PROBLEM:
Word for word, restate every line of the listing that follows.

STORED DATA:
####

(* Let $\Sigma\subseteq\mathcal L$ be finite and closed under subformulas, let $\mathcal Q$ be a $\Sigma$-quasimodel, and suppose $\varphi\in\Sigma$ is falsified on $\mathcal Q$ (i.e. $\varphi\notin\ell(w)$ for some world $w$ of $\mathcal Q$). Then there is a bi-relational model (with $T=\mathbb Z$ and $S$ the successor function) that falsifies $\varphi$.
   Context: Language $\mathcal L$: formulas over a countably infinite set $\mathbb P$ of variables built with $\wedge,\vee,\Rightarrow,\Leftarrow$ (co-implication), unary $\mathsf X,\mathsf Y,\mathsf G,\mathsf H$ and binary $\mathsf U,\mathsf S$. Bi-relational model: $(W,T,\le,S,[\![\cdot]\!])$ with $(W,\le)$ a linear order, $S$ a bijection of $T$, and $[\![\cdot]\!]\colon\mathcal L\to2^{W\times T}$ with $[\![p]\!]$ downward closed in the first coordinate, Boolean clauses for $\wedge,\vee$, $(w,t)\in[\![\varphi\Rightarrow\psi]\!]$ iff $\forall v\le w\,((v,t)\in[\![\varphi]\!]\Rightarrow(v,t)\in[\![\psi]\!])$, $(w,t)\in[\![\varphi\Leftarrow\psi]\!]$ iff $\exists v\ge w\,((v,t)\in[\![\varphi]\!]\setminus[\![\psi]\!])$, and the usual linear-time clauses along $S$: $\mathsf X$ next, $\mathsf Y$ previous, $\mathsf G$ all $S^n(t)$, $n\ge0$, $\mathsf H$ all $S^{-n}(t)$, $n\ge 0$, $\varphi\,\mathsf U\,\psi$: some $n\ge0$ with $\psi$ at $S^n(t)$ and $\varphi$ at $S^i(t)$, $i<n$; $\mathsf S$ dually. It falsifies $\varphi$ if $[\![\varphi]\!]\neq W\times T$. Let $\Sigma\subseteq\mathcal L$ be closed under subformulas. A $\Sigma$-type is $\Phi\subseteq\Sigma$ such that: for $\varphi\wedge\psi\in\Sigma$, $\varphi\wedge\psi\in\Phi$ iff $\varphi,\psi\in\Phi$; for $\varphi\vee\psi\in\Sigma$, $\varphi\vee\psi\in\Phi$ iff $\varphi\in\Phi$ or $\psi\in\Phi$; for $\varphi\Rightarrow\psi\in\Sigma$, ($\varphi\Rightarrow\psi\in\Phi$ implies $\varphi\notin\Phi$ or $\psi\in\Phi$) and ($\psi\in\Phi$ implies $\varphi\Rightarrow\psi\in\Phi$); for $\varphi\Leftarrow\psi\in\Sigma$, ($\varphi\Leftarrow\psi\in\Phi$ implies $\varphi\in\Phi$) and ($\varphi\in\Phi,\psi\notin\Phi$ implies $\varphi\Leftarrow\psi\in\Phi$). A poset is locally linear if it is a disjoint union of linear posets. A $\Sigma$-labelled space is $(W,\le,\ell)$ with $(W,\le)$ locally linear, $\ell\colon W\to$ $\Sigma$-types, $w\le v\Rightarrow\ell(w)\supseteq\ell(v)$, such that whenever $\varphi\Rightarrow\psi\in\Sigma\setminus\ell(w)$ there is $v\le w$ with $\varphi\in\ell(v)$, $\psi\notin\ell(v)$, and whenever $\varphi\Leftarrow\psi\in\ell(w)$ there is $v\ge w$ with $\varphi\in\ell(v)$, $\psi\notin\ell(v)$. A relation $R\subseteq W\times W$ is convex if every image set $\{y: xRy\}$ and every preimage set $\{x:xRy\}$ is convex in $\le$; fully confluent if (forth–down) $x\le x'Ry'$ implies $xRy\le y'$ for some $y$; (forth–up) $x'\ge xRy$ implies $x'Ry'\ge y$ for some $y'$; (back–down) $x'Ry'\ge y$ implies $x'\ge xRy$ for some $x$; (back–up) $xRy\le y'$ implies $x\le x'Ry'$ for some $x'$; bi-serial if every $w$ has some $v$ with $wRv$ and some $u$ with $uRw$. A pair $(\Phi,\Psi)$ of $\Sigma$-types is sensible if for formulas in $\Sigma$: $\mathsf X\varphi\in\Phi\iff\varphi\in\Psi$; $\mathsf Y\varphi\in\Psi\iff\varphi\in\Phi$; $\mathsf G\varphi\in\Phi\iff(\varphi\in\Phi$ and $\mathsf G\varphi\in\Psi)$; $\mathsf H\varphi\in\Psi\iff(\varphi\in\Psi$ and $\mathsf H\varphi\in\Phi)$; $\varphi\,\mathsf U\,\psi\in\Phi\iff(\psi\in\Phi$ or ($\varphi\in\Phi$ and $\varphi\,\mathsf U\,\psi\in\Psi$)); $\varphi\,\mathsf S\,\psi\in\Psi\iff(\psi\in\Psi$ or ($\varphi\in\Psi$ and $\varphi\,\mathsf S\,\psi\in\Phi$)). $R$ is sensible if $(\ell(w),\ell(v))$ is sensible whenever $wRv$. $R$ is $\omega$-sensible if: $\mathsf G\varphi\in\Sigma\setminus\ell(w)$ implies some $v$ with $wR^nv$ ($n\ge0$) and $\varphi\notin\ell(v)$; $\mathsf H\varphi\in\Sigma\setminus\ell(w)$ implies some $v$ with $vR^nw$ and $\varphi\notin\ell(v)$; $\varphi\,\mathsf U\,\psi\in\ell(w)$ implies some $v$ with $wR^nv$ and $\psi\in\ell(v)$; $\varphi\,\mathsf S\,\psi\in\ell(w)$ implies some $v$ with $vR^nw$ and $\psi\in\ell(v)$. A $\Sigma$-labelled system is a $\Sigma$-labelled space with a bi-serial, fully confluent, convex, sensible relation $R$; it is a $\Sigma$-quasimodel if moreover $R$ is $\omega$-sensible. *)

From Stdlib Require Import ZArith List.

####

TASK RESPONSE:
(* Let $\Sigma\subseteq\mathcal L$ be finite and closed under subformulas, let $\mathcal Q$ be a $\Sigma$-quasimodel, and suppose $\varphi\in\Sigma$ is falsified on $\mathcal Q$ (i.e. $\varphi\notin\ell(w)$ for some world $w$ of $\mathcal Q$). Then there is a bi-relational model (with $T=\mathbb Z$ and $S$ the successor function) that falsifies $\varphi$.
   Context: Language $\mathcal L$: formulas over a countably infinite set $\mathbb P$ of variables built with $\wedge,\vee,\Rightarrow,\Leftarrow$ (co-implication), unary $\mathsf X,\mathsf Y,\mathsf G,\mathsf H$ and binary $\mathsf U,\mathsf S$. Bi-relational model: $(W,T,\le,S,[\![\cdot]\!])$ with $(W,\le)$ a linear order, $S$ a bijection of $T$, and $[\![\cdot]\!]\colon\mathcal L\to2^{W\times T}$ with $[\![p]\!]$ downward closed in the first coordinate, Boolean clauses for $\wedge,\vee$, $(w,t)\in[\![\varphi\Rightarrow\psi]\!]$ iff $\forall v\le w\,((v,t)\in[\![\varphi]\!]\Rightarrow(v,t)\in[\![\psi]\!])$, $(w,t)\in[\![\varphi\Leftarrow\psi]\!]$ iff $\exists v\ge w\,((v,t)\in[\![\varphi]\!]\setminus[\![\psi]\!])$, and the usual linear-time clauses along $S$: $\mathsf X$ next, $\mathsf Y$ previous, $\mathsf G$ all $S^n(t)$, $n\ge0$, $\mathsf H$ all $S^{-n}(t)$, $n\ge 0$, $\varphi\,\mathsf U\,\psi$: some $n\ge0$ with $\psi$ at $S^n(t)$ and $\varphi$ at $S^i(t)$, $i<n$; $\mathsf S$ dually. It falsifies $\varphi$ if $[\![\varphi]\!]\neq W\times T$. Let $\Sigma\subseteq\mathcal L$ be closed under subformulas. A $\Sigma$-type is $\Phi\subseteq\Sigma$ such that: for $\varphi\wedge\psi\in\Sigma$, $\varphi\wedge\psi\in\Phi$ iff $\varphi,\psi\in\Phi$; for $\varphi\vee\psi\in\Sigma$, $\varphi\vee\psi\in\Phi$ iff $\varphi\in\Phi$ or $\psi\in\Phi$; for $\varphi\Rightarrow\psi\in\Sigma$, ($\varphi\Rightarrow\psi\in\Phi$ implies $\varphi\notin\Phi$ or $\psi\in\Phi$) and ($\psi\in\Phi$ implies $\varphi\Rightarrow\psi\in\Phi$); for $\varphi\Leftarrow\psi\in\Sigma$, ($\varphi\Leftarrow\psi\in\Phi$ implies $\varphi\in\Phi$) and ($\varphi\in\Phi,\psi\notin\Phi$ implies $\varphi\Leftarrow\psi\in\Phi$). A poset is locally linear if it is a disjoint union of linear posets. A $\Sigma$-labelled space is $(W,\le,\ell)$ with $(W,\le)$ locally linear, $\ell\colon W\to$ $\Sigma$-types, $w\le v\Rightarrow\ell(w)\supseteq\ell(v)$, such that whenever $\varphi\Rightarrow\psi\in\Sigma\setminus\ell(w)$ there is $v\le w$ with $\varphi\in\ell(v)$, $\psi\notin\ell(v)$, and whenever $\varphi\Leftarrow\psi\in\ell(w)$ there is $v\ge w$ with $\varphi\in\ell(v)$, $\psi\notin\ell(v)$. A relation $R\subseteq W\times W$ is convex if every image set $\{y: xRy\}$ and every preimage set $\{x:xRy\}$ is convex in $\le$; fully confluent if (forth–down) $x\le x'Ry'$ implies $xRy\le y'$ for some $y$; (forth–up) $x'\ge xRy$ implies $x'Ry'\ge y$ for some $y'$; (back–down) $x'Ry'\ge y$ implies $x'\ge xRy$ for some $x$; (back–up) $xRy\le y'$ implies $x\le x'Ry'$ for some $x'$; bi-serial if every $w$ has some $v$ with $wRv$ and some $u$ with $uRw$. A pair $(\Phi,\Psi)$ of $\Sigma$-types is sensible if for formulas in $\Sigma$: $\mathsf X\varphi\in\Phi\iff\varphi\in\Psi$; $\mathsf Y\varphi\in\Psi\iff\varphi\in\Phi$; $\mathsf G\varphi\in\Phi\iff(\varphi\in\Phi$ and $\mathsf G\varphi\in\Psi)$; $\mathsf H\varphi\in\Psi\iff(\varphi\in\Psi$ and $\mathsf H\varphi\in\Phi)$; $\varphi\,\mathsf U\,\psi\in\Phi\iff(\psi\in\Phi$ or ($\varphi\in\Phi$ and $\varphi\,\mathsf U\,\psi\in\Psi$)); $\varphi\,\mathsf S\,\psi\in\Psi\iff(\psi\in\Psi$ or ($\varphi\in\Psi$ and $\varphi\,\mathsf S\,\psi\in\Phi$)). $R$ is sensible if $(\ell(w),\ell(v))$ is sensible whenever $wRv$. $R$ is $\omega$-sensible if: $\mathsf G\varphi\in\Sigma\setminus\ell(w)$ implies some $v$ with $wR^nv$ ($n\ge0$) and $\varphi\notin\ell(v)$; $\mathsf H\varphi\in\Sigma\setminus\ell(w)$ implies some $v$ with $vR^nw$ and $\varphi\notin\ell(v)$; $\varphi\,\mathsf U\,\psi\in\ell(w)$ implies some $v$ with $wR^nv$ and $\psi\in\ell(v)$; $\varphi\,\mathsf S\,\psi\in\ell(w)$ implies some $v$ with $vR^nw$ and $\psi\in\ell(v)$. A $\Sigma$-labelled system is a $\Sigma$-labelled space with a bi-serial, fully confluent, convex, sensible relation $R$; it is a $\Sigma$-quasimodel if moreover $R$ is $\omega$-sensible. *)

From Stdlib Require Import ZArith List.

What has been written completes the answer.